Saved data entries
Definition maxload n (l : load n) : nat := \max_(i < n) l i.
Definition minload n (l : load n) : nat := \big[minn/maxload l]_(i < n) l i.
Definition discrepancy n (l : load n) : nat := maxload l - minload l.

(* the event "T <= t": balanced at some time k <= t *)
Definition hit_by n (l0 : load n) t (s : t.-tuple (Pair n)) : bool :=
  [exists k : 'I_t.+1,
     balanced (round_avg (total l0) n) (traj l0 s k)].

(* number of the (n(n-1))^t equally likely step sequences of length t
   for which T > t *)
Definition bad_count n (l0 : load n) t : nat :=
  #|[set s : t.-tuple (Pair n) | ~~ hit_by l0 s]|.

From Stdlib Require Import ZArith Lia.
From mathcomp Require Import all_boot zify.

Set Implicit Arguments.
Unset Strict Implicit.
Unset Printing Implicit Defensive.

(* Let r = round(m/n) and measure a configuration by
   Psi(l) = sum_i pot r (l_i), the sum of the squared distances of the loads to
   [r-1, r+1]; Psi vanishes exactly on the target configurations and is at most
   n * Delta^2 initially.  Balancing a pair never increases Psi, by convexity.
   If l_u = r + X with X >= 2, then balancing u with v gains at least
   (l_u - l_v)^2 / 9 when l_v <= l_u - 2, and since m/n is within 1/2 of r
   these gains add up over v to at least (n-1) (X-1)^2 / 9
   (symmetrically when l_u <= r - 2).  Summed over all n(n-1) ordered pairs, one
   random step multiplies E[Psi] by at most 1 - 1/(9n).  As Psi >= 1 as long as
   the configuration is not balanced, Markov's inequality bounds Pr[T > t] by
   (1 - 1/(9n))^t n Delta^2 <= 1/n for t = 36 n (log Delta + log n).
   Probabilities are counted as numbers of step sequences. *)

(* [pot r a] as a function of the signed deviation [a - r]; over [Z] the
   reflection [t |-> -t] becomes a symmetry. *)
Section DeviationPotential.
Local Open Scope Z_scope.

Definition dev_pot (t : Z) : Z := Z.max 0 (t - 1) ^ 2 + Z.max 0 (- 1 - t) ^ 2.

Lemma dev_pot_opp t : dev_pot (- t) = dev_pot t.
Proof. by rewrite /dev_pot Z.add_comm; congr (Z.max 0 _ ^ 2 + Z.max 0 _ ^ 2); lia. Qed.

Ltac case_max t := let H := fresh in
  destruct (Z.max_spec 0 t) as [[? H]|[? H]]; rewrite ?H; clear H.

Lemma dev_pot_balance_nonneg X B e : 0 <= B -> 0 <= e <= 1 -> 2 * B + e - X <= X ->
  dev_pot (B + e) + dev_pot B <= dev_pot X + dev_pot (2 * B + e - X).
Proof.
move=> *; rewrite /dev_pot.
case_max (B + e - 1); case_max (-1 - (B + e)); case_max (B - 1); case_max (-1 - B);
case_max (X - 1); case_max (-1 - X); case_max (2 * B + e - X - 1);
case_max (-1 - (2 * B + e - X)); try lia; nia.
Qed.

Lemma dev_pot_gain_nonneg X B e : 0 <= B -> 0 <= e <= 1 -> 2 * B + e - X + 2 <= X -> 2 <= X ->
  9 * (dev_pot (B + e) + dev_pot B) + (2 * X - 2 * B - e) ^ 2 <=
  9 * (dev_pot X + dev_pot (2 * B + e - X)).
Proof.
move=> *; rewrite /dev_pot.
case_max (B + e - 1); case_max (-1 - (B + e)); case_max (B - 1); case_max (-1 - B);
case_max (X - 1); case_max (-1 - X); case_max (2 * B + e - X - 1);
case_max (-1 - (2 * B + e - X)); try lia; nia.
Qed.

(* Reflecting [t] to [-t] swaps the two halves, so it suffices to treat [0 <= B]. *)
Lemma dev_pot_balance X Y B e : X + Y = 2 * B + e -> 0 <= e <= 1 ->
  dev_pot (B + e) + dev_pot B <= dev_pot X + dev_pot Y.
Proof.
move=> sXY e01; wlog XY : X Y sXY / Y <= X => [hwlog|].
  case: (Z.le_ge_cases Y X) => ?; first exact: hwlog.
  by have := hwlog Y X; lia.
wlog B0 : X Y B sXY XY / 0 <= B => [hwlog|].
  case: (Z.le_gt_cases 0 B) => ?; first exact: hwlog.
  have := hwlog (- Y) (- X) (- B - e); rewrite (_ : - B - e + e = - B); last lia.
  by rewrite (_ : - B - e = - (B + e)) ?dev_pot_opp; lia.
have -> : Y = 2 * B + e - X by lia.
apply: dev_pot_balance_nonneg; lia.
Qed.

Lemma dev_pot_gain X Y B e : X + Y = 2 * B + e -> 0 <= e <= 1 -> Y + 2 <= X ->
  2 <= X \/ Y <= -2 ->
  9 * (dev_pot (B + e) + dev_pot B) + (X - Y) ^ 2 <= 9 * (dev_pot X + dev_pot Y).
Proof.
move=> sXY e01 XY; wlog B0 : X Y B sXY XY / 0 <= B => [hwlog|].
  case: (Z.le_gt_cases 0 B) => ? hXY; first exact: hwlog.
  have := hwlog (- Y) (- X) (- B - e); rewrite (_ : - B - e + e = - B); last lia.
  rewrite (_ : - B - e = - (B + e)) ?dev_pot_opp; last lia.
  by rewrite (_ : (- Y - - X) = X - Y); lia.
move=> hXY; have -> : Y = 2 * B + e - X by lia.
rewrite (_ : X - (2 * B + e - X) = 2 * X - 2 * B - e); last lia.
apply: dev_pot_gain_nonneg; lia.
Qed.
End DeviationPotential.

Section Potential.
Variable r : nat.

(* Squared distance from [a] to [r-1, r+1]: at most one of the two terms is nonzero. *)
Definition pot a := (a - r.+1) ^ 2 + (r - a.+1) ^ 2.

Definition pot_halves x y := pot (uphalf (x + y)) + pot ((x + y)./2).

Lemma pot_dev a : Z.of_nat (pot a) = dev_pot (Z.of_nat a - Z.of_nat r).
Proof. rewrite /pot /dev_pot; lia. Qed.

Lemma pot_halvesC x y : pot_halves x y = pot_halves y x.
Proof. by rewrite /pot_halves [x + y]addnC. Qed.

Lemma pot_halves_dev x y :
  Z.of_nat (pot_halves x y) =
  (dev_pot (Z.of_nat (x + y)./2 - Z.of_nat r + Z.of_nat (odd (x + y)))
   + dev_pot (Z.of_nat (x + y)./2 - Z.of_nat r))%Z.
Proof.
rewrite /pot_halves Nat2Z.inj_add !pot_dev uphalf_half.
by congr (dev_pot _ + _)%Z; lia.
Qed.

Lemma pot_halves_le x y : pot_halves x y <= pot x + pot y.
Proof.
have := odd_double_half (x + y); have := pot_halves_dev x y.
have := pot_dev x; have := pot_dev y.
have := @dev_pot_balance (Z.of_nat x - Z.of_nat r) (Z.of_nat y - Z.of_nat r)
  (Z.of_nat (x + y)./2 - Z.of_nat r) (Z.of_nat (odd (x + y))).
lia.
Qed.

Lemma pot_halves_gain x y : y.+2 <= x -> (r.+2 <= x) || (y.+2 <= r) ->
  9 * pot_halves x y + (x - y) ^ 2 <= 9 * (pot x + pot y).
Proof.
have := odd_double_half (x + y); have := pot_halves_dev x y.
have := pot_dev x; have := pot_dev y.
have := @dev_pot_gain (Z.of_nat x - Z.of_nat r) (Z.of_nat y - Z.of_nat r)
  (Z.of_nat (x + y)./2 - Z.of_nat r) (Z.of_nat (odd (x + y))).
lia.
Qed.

• **PROBLEM REQUIREMENTS**:
Line count for "gains": determine it from the data and answer with the number by itself.

• **ANSWER TO THE EXERCISE**:
2